My memory – I’m 68 – of the Napoleon Theater is that it was in our location.
Tommy and Sande Zander,
New Orleans
Yes, you are correct about the exact location of the old Napoleon Theatre. I am not, however, entirely wrong. The establishment’s earliest newspaper advertisements consistently reported its location as “Napoleon Avenue and Camp Street.” One often finds, when searching older city directories, that business and residential locations were not always reported as specific numeric addresses. It isn’t unusual to find a house or company reported as being near at or near an intersection, even if it wasn’t located exactly on the point where two streets intersect.
Dear Julia,
I understand that the famous U.S. Senator and Confederate Statesman Judah P. Benjamin owned a house at the corner of St. Charles Avenue (the Naiades Street) and Nashville Avenue until about 1865. Which corner would that be and is the house still there?
Gertie M. Beauford
Jefferson
The Judah P. Benjamin House was originally located in the block on the downtown lake side of St. Charles and Nashville avenues. According to the book New Orleans Architecture, Vol. VIII: The University Section, Judah P. Benjamin and his brother purchased the property in the early 1850s but it was actually their sisters, the widowed Rebecca Benjamin Levy and the unmarried Harriet Benjamin, who resided in the home until the Federal occupation of New Orleans. The home then passed through a succession of owners until John M. Bonner purchased it in the late 1880s. Bonner subdivided the property and, in the 1891, sold the Benjamin House, its contents, and a lot on Arabella Street, to Carrie Newsom (Mrs. Alphonse O. Pessou). The house was then moved and, although modified, still stands at 1630 Arabella St.
Dear Julia,
During a Vampire Tour with my daughter, I heard of the Coffin Girls for the first time. This week, my cousin referred to one of her ancestors as a Coffin Girl and told the same vampire story.
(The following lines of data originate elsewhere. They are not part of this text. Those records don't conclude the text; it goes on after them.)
Definition param_cond (n : nat) : Prop :=
  (forall i : nat, (1 <= i <= n)%N -> odd i -> a i = al1) /\
  ((2 <= n)%N -> a 2%N = - al1 + al2 + be2) /\
  (forall i : nat, (2 < i <= n)%N -> ~~ odd i -> a i = al2) /\
  ((2 <= n)%N -> b 2%N = (be2 - al1) * (al1 - al2)) /\
  ((3 <= n)%N -> b 3%N = (be3 - al2) * (be3 - be2)) /\
  ((4 <= n)%N -> b 4%N =
      (be4 - al1) * (be3 - be4) * (al2 + be2 - be3 - be4) / (be4 - be2)) /\
  (forall i : nat, (4 < i <= n)%N -> b i = (be i - al1) * (be i - al2)).

Definition spectral_cond (n : nat) : Prop :=
  (forall x : R, eigenvalue (Cmat a b 0) x <-> x = al1) /\
  (forall i : nat, (2 <= i <= n)%N -> forall x : R, x \in Lam ->
     (eigenvalue (Cmat a b i.-1) x <-> x = al i \/ x = be i)).

Lemma param_condP n : param_cond n <-> params_upto n.
Proof.
split=> [[a_odd [a2 [a_even [b2 [b3 [b4 b_gt4]]]]]] | hp].
  move=> i /andP[i_gt0 i_le_n]; have i_ge1 : (1 <= i <= n)%N by rewrite i_gt0.
  case: i i_gt0 i_le_n i_ge1 => [|[|[|[|[|i]]]]] // _ i_le_n i_ge1.
  - exact: a_odd.
  - by split; [apply: a2 | apply: b2].
  - by split; [apply: a_odd | apply: b3].
  - by split; [apply: a_even | apply: b4].
  split; last exact: b_gt4.
  by rewrite /alphaSeq; case: ifP => odd_i; [apply: a_odd | apply: a_even; rewrite ?odd_i].
have p i : (i <= n)%N -> (0 < i)%N -> params_at i by move=> i_le_n i0; apply/hp/andP.
split; [|split; [|split; [|split; [|split; [|split]]]]].
- move=> -[|[|[|[|[|i]]]]] // /andP[_] /p /(_ isT); rewrite /alphaSeq //=.
  + by case.
  + by case=> -> _ odd_i; rewrite /alphaSeq /= odd_i.
- by move=> n2; case: (p 2%N n2 isT).
- move=> -[|[|[|[|[|i]]]]] // /andP[_ i_le_n] even_i; case: (p _ i_le_n isT) => //.
  by rewrite /alphaSeq (negbTE even_i).
- by move=> n2; case: (p 2%N n2 isT).
- by move=> n3; case: (p 3%N n3 isT).
- by move=> n4; case: (p 4%N n4 isT).
- by move=> -[|[|[|[|[|i]]]]] // /andP[_ i_le_n]; case: (p _ i_le_n isT).
Qed.

Lemma spectral_condP n : (0 < n)%N -> spectral_cond n <-> params_upto n.
Proof.
move=> n_gt0; split=> [[C0_spec Ci_spec] | hp].
  suff : forall i, (i <= n)%N -> params_upto i by apply.
  elim=> [_ [|j] // | i IH i_lt_n]; apply: params_uptoS (IH (ltnW i_lt_n)) _.
  case: i IH i_lt_n => [|i] IH i_lt_n.
    by apply/C0_spec/eigenvalue_Cmat; apply: subrr.
  have hp := IH (ltnW i_lt_n).
  have Ci_root x : x \in Lam -> x = al i.+2 \/ x = be i.+2 -> chi i.+2 x = 0.
    by move=> x_in x_root; apply/eigenvalue_Cmat/(Ci_spec i.+2 i_lt_n).
  by apply: params_of_roots hp _ _ => //; apply: Ci_root;
    by [apply: alpha_in_Lam | apply: beta_in_Lam | left | right].
split=> [x | i /andP[i_gt1 i_le_n] x x_in].
  have a1 : a 1 = al1 := hp 1%N n_gt0.
  rewrite eigenvalue_Cmat /= a1.
  by split=> [/eqP | ->]; [rewrite subr_eq0 => /eqP | exact: subrr].
rewrite eigenvalue_Cmat prednK ?(ltnW i_gt1) //.
by apply: root_patternP x_in; apply: root_pattern_of_params (params_upto_le i_le_n hp).
Qed.

End RootPattern.

Section SignConditions.
Variable R : realType.

Lemma mul_gt0_cases (x y : R) : 0 < x * y -> (0 < x /\ 0 < y) \/ (x < 0 /\ y < 0).
Proof.
case: (ltgtP x 0) => [x_lt0 | x_gt0 | ->]; last by rewrite mul0r ltxx.
- by rewrite nmulr_rgt0 // => y_lt0; right.
- by rewrite pmulr_rgt0 // => y_gt0; left.
Qed.

Lemma mul_lt0_cases (x y : R) : x * y < 0 -> (0 < x /\ y < 0) \/ (x < 0 /\ 0 < y).
Proof.
move=> xy_lt0; have /mul_gt0_cases : 0 < - x * y by rewrite mulNr oppr_gt0.
by rewrite oppr_gt0 oppr_lt0 => -[[] | []]; [right | left].
Qed.

Ltac split_lt x y := let H := fresh "x_vs_y" in
  have H : x < y \/ y < x by
    (apply/orP; apply: lt_total; first [assumption | rewrite eq_sym; assumption]);
  case: H => H.

Ltac pick_case :=
  first [ left; repeat split; solve [assumption | lra] | right; pick_case
        | repeat split; solve [assumption | lra] ].

Ltac distinct5_lra := rewrite /distinct5 /= !inE !negb_or /=;
  repeat (apply/andP; split); try done; apply/eqP => E; lra.

Lemma inB_of_gt0 (a1 a2 b2 b3 b4 : R) : distinct5 a1 a2 b2 b3 b4 ->
  0 < (b2 - a1) * (a1 - a2) -> 0 < (b3 - a2) * (b3 - b2) ->
  0 < (b4 - a1) * (b3 - b4) * (a2 + b2 - b3 - b4) / (b4 - b2) ->
  inB a1 a2 b2 b3 b4.
Proof.
move=> Hd h2 h3 h4; split => //.
have [h12 h13 h14 h15 [h23 h24 h25 h34 [h35 h45]]] := distinct5P Hd.
case/mul_gt0_cases: h2 => [[u1 u2]|[u1 u2]]; case/mul_gt0_cases: h3 => [[v1 v2]|[v1 v2]];
case/mul_gt0_cases: h4 => [[w1 w2]|[w1 w2]]; rewrite ?invr_gt0 ?invr_lt0 in w2.
all: first [ case/mul_gt0_cases: w1 => [[x1 x2]|[x1 x2]]
           | case/mul_lt0_cases: w1 => [[x1 x2]|[x1 x2]] ].
all: first [ case/mul_gt0_cases: x1 => [[y1 y2]|[y1 y2]]
           | case/mul_lt0_cases: x1 => [[y1 y2]|[y1 y2]] ].
all: split_lt b4 a2.
all: try (exfalso; lra).
all: pick_case.
Qed.

Lemma inB3_of_gt0 (a1 a2 b2 b3 : R) :
  0 < (b2 - a1) * (a1 - a2) -> 0 < (b3 - a2) * (b3 - b2) -> inB3 a1 a2 b2 b3.
Proof.
case/mul_gt0_cases => [[u1 u2]|[u1 u2]]; case/mul_gt0_cases => [[v1 v2]|[v1 v2]].
- by exists (b3 + 1); split; [distinct5_lra | pick_case].
- by exists ((a1 + b2) / 2); split; [distinct5_lra | pick_case].
- by exists (b3 + 1); split; [distinct5_lra | pick_case].
- by exists ((b2 + a1) / 2); split; [distinct5_lra | pick_case].
Qed.

Lemma inB2_of_gt0 (a1 a2 b2 : R) : 0 < (b2 - a1) * (a1 - a2) -> inB2 a1 a2 b2.
Proof.
case/mul_gt0_cases => [[u1 u2]|[u1 u2]].
- by exists (b2 + 1), (b2 + 2); split; [distinct5_lra | pick_case].
- by exists (a2 + 1), (a2 + 2); split; [distinct5_lra | pick_case].
Qed.

End SignConditions.

Theorem mainTheorem5 (R : realType) (al1 al2 be2 be3 be4 : R)
  (n : nat) (a b : nat -> R) :
  distinct5 al1 al2 be2 be3 be4 ->
  al2 + be2 != be3 + be4 ->
  (1 <= n)%N ->
  (forall i : nat, (2 <= i <= n)%N -> 0 < b i) ->
  let alpha := alphaSeq al1 al2 in
  let beta := betaSeq be2 be3 be4 in
  let Lam := [:: al1; al2; be2; be3; be4] in
  let condI :=
    (forall x : R, eigenvalue (Cmat a b 0) x <-> x = al1) /\
    (forall i : nat, (2 <= i <= n)%N -> forall x : R, x \in Lam ->
       (eigenvalue (Cmat a b i.-1) x <-> x = alpha i \/ x = beta i)) in
  let condII :=
    (forall i : nat, (1 <= i <= n)%N -> odd i -> a i = al1) /\
    ((2 <= n)%N -> a 2%N = - al1 + al2 + be2) /\
    (forall i : nat, (2 < i <= n)%N -> ~~ odd i -> a i = al2) /\
    ((2 <= n)%N -> b 2%N = (be2 - al1) * (al1 - al2)) /\
    ((3 <= n)%N -> b 3%N = (be3 - al2) * (be3 - be2)) /\
    ((4 <= n)%N -> b 4%N =
        (be4 - al1) * (be3 - be4) * (al2 + be2 - be3 - be4) / (be4 - be2)) /\
    (forall i : nat, (4 < i <= n)%N ->
        b i = (beta i - al1) * (beta i - al2)) in
  (condI <-> condII) /\
  (condII ->
     ((4 <= n)%N -> inB al1 al2 be2 be3 be4) /\
     (n = 3%N -> inB3 al1 al2 be2 be3) /\
     (n = 2%N -> inB2 al1 al2 be2)).
Proof.
move=> Lam_uniq sum_neq n_gt0 b_gt0 alpha beta Lam condI condII.
have spectral_iff : condI <-> params_upto a b al1 al2 be2 be3 be4 n :=
  spectral_condP a b Lam_uniq sum_neq n_gt0.
have param_iff : condII <-> params_upto a b al1 al2 be2 be3 be4 n :=
  param_condP a b al1 al2 be2 be3 be4 n.
split; first exact: iff_trans spectral_iff (iff_sym param_iff).
case=> _ [_ [_ [b2 [b3 [b4 _]]]]].
have b2_gt0 : (2 <= n)%N -> 0 < (be2 - al1) * (al1 - al2).
  by move=> n2; rewrite -b2 //; apply: b_gt0; rewrite n2.
have b3_gt0 : (3 <= n)%N -> 0 < (be3 - al2) * (be3 - be2).
  by move=> n3; rewrite -b3 //; apply: b_gt0; rewrite n3.
have b4_gt0 : (4 <= n)%N ->
    0 < (be4 - al1) * (be3 - be4) * (al2 + be2 - be3 - be4) / (be4 - be2).
  by move=> n4; rewrite -b4 //; apply: b_gt0; rewrite n4.
split=> [n4 | ].
  exact: inB_of_gt0 Lam_uniq (b2_gt0 (ltnW (ltnW n4))) (b3_gt0 (ltnW n4)) (b4_gt0 n4).
split=> n_eq; subst n.
- exact: inB3_of_gt0 (b2_gt0 isT) (b3_gt0 isT).
- exact: inB2_of_gt0 (b2_gt0 isT).
Qed.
Who organized the recruitment of these girls, in what region of France did they live and when did this did this occur?
Karen Jorgenson
New Orleans
I enjoy good stories, including those of the ghostly variety, but when it comes to history, there never were any coffin-dwelling vampire girls inhabiting the Colonial Gulf Coast or running around the Ursuline Convent. The confusion is with something that was totally real, the so-called “casket girls.”
The filles à la cassette, French women who arrived in Colonial Louisiana in 1727 and who were entrusted to the care of the Ursuline nuns, weren’t undead, didn’t sleep in coffins and didn’t consort with vampires. Instead, it appears that over the course of nearly three centuries, a few details have gotten lost in translation.
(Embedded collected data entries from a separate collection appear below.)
(* There is an absolute constant $C>0$ such that the following holds. Let $U^*,S,p_{ijk},\widehat p_{ijk},\mathcal{W}_{ijk},\delta_{ijk}$ be as in the context, and let $U\in\mathbb{R}^{n\times r}$ be a fixed (non-random, or independent of $\delta$) matrix with unit-norm columns satisfying $|U_{il}|\le2\|(U^* )^i\|$ for all $i,l$. Let $\gamma\in(0,1]$, $i\in[n]$ and $q\in[r]$ be fixed. If $m\ge\frac{C}{\gamma^2}n\log(n)S^2$, then with probability at least $1-n^{-10}$, $$\Big|\sum_{j,k}\delta_{ijk}\mathcal{W}_{ijk}U_{jq}U^*_{jq}U_{kq}U^*_{kq}-\langle U_q,U^*_q\rangle^2\Big|\le\gamma .$$
   Context: $U^*\in\mathbb{R}^{n\times r}$ has orthonormal columns $U^*_l$ and rows $(U^* )^i$; $S=\sum_i\|(U^* )^i\|^{3/2}$; $p_{ijk}=\frac{\|(U^* )^i\|^{3/2}\|(U^* )^j\|^{3/2}+\|(U^* )^j\|^{3/2}\|(U^* )^k\|^{3/2}+\|(U^* )^k\|^{3/2}\|(U^* )^i\|^{3/2}}{3nS^2}$; $\widehat p_{ijk}=\min\{mp_{ijk},1\}$; $\mathcal{W}_{ijk}=1/\widehat p_{ijk}$ if $\widehat p_{ijk}>0$, else $0$; $\delta_{ijk}$ are independent Bernoulli$(\widehat p_{ijk})$ random variables. *)

From Stdlib Require Import Reals ClassicalEpsilon.
From mathcomp Require Import all_boot.
Set Implicit Arguments. Unset Strict Implicit. Unset Printing Implicit Defensive.

Local Open Scope R_scope.

Definition rsum (T : finType) (F : T -> R) : R := \big[Rplus/0]_(x : T) F x.
Definition rprod (T : finType) (F : T -> R) : R := \big[Rmult/1]_(x : T) F x.

Definition mat (n r : nat) := 'I_n -> 'I_r -> R.

Definition orthonormal_cols n r (A : mat n r) : Prop :=
  forall l l' : 'I_r, rsum (fun i => A i l * A i l') = (if l == l' then 1 else 0).

Definition unit_norm_cols n r (A : mat n r) : Prop :=
  forall l : 'I_r, rsum (fun i => (A i l) ^ 2) = 1.

Definition rownorm n r (A : mat n r) (i : 'I_n) : R := sqrt (rsum (fun l => (A i l) ^ 2)).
The girls arrived bearing small trunks, which the French called “cassettes.” These little boxes contained clothing and things necessary for beginning married life. Although the French word cassette can be translated into English as “coffin,” it also means “cash box” and it’s in the sense of a cash box or dowry chest that it applies to the young women who were brought here to marry early colonists.